↓↓↓
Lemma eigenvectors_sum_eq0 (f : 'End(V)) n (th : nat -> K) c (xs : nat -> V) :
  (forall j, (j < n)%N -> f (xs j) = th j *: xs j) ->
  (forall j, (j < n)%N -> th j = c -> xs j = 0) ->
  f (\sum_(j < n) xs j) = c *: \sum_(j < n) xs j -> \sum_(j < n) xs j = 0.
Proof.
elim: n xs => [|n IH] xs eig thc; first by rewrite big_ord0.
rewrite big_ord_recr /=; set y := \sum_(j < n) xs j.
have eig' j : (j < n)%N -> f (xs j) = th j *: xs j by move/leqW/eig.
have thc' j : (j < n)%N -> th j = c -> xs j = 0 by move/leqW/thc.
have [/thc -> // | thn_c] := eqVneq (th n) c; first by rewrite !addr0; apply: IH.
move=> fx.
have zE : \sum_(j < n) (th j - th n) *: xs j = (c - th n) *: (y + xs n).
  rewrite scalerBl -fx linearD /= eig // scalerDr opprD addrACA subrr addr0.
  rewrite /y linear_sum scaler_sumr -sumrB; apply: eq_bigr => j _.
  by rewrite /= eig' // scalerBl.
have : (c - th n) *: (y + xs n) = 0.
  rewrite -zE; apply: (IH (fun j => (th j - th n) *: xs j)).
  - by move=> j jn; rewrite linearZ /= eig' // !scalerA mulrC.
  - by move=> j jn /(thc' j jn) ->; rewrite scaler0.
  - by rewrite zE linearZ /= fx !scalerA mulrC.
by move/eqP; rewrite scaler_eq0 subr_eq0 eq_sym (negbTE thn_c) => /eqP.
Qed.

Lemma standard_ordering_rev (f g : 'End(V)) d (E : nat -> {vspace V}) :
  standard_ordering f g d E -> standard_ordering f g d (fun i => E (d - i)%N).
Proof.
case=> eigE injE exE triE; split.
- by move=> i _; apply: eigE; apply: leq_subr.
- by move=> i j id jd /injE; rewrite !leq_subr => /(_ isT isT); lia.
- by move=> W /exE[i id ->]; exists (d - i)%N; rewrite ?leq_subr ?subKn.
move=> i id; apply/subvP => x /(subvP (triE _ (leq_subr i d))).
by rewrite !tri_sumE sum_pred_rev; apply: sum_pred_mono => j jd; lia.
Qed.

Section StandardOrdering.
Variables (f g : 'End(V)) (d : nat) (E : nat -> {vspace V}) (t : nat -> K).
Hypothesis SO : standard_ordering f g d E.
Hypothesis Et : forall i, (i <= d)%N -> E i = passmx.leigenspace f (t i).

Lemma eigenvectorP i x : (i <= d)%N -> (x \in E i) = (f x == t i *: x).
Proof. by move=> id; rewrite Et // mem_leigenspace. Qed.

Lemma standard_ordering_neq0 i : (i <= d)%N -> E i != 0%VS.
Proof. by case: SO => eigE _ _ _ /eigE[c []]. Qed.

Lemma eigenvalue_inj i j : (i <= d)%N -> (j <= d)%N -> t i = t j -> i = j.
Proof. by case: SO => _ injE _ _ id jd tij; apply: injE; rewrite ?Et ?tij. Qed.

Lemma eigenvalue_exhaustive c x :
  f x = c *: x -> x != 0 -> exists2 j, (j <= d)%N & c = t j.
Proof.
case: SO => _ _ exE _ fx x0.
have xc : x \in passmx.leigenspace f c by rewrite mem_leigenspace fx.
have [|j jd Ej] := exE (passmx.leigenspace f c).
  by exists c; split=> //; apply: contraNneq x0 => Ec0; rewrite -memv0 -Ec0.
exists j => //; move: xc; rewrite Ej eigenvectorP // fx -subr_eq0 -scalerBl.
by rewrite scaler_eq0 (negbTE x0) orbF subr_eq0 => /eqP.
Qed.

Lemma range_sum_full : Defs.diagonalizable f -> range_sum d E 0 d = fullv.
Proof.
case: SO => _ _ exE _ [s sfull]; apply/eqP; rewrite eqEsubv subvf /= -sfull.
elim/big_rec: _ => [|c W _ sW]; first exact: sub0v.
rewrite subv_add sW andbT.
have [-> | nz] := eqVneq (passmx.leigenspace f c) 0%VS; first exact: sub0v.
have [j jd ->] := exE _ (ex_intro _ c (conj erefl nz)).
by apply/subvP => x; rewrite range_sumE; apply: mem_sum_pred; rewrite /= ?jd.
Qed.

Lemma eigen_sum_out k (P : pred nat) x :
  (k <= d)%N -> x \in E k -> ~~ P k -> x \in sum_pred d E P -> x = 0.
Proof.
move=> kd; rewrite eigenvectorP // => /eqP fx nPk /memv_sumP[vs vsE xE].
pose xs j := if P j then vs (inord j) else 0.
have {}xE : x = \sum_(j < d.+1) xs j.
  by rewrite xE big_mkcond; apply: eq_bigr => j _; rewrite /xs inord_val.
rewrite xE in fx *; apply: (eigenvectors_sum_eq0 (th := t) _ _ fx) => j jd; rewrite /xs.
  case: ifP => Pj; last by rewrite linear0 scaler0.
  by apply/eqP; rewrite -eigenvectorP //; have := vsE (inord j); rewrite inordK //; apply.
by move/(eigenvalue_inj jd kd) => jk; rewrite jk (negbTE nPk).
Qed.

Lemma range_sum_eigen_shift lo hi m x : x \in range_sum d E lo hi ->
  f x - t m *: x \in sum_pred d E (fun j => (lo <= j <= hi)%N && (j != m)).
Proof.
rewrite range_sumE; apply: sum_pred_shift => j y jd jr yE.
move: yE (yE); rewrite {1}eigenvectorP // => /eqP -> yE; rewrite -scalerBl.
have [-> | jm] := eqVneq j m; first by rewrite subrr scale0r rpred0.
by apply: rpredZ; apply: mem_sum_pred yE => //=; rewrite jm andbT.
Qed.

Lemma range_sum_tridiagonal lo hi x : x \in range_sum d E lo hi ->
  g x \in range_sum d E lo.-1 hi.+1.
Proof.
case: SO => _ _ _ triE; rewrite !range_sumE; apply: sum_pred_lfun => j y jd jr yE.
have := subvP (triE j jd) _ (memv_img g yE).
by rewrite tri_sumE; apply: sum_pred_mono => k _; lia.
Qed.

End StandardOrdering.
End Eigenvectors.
↑↑↑
↓↓↓
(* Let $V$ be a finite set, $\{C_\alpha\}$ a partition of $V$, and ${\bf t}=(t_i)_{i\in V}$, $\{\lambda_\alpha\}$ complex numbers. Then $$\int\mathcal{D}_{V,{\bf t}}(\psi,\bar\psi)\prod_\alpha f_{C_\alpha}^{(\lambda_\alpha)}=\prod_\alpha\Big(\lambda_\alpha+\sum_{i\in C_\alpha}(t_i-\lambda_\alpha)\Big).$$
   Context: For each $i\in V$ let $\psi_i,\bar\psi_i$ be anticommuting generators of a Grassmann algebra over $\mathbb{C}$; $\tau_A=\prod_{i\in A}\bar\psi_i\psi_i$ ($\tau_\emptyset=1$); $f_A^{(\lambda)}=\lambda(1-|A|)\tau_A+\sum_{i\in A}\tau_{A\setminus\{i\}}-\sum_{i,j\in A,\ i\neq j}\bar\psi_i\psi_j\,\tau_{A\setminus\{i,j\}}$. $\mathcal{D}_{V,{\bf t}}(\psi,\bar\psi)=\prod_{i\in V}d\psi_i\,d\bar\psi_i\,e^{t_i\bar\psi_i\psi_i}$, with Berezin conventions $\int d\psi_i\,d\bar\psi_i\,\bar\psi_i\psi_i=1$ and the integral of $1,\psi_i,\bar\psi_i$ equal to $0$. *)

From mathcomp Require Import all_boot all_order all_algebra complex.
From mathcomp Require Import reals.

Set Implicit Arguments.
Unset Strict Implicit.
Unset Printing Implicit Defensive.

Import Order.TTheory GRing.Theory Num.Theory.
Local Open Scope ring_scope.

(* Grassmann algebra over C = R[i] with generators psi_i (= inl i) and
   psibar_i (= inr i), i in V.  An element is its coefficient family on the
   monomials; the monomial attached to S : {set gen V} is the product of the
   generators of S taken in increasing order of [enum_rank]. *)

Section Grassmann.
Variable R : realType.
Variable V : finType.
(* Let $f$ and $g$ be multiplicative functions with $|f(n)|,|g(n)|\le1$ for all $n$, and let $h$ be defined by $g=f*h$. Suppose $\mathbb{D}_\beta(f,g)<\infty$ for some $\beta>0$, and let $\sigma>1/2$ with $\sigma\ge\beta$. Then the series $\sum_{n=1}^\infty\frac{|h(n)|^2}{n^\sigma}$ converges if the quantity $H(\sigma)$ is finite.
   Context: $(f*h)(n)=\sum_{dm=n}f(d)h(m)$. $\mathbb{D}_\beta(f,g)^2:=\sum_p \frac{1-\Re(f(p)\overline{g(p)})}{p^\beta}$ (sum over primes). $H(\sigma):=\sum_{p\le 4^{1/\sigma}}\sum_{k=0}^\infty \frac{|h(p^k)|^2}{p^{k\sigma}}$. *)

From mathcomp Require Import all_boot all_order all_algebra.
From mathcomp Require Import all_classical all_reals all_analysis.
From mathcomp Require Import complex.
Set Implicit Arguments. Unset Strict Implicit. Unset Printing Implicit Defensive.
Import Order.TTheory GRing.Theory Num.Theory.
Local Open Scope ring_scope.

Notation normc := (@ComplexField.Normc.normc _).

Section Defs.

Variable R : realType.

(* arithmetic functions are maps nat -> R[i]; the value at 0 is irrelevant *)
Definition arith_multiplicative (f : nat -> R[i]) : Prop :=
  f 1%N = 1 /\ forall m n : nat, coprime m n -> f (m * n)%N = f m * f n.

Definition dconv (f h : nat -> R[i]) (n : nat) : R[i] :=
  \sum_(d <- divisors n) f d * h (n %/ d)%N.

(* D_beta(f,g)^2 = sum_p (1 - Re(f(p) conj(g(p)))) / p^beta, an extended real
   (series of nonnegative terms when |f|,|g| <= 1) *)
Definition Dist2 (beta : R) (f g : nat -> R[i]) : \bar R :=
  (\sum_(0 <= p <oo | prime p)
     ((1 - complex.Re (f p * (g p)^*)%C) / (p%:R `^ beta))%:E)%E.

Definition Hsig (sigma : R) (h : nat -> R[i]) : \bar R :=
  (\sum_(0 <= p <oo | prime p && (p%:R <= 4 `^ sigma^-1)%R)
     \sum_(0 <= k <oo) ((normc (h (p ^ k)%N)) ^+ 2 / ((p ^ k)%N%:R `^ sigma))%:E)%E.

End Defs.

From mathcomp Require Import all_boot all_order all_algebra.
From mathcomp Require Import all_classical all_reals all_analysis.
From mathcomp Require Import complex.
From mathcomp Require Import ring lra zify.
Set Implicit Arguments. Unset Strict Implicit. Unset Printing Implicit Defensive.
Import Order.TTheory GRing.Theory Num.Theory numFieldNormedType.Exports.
↑↑↑
> _Description of the task_
The expected answer is an exact copy of the lines above, beginning at the line with "Lemma eigenvectors_sum_eq0 (f" and ending at the line with "have thc' j", with both ends in.

> _Result of this task_
Lemma eigenvectors_sum_eq0 (f : 'End(V)) n (th : nat -> K) c (xs : nat -> V) :
  (forall j, (j < n)%N -> f (xs j) = th j *: xs j) ->
  (forall j, (j < n)%N -> th j = c -> xs j = 0) ->
  f (\sum_(j < n) xs j) = c *: \sum_(j < n) xs j -> \sum_(j < n) xs j = 0.
Proof.
elim: n xs => [|n IH] xs eig thc; first by rewrite big_ord0.
rewrite big_ord_recr /=; set y := \sum_(j < n) xs j.
have eig' j : (j < n)%N -> f (xs j) = th j *: xs j by move/leqW/eig.
have thc' j : (j < n)%N -> th j = c -> xs j = 0 by move/leqW/thc.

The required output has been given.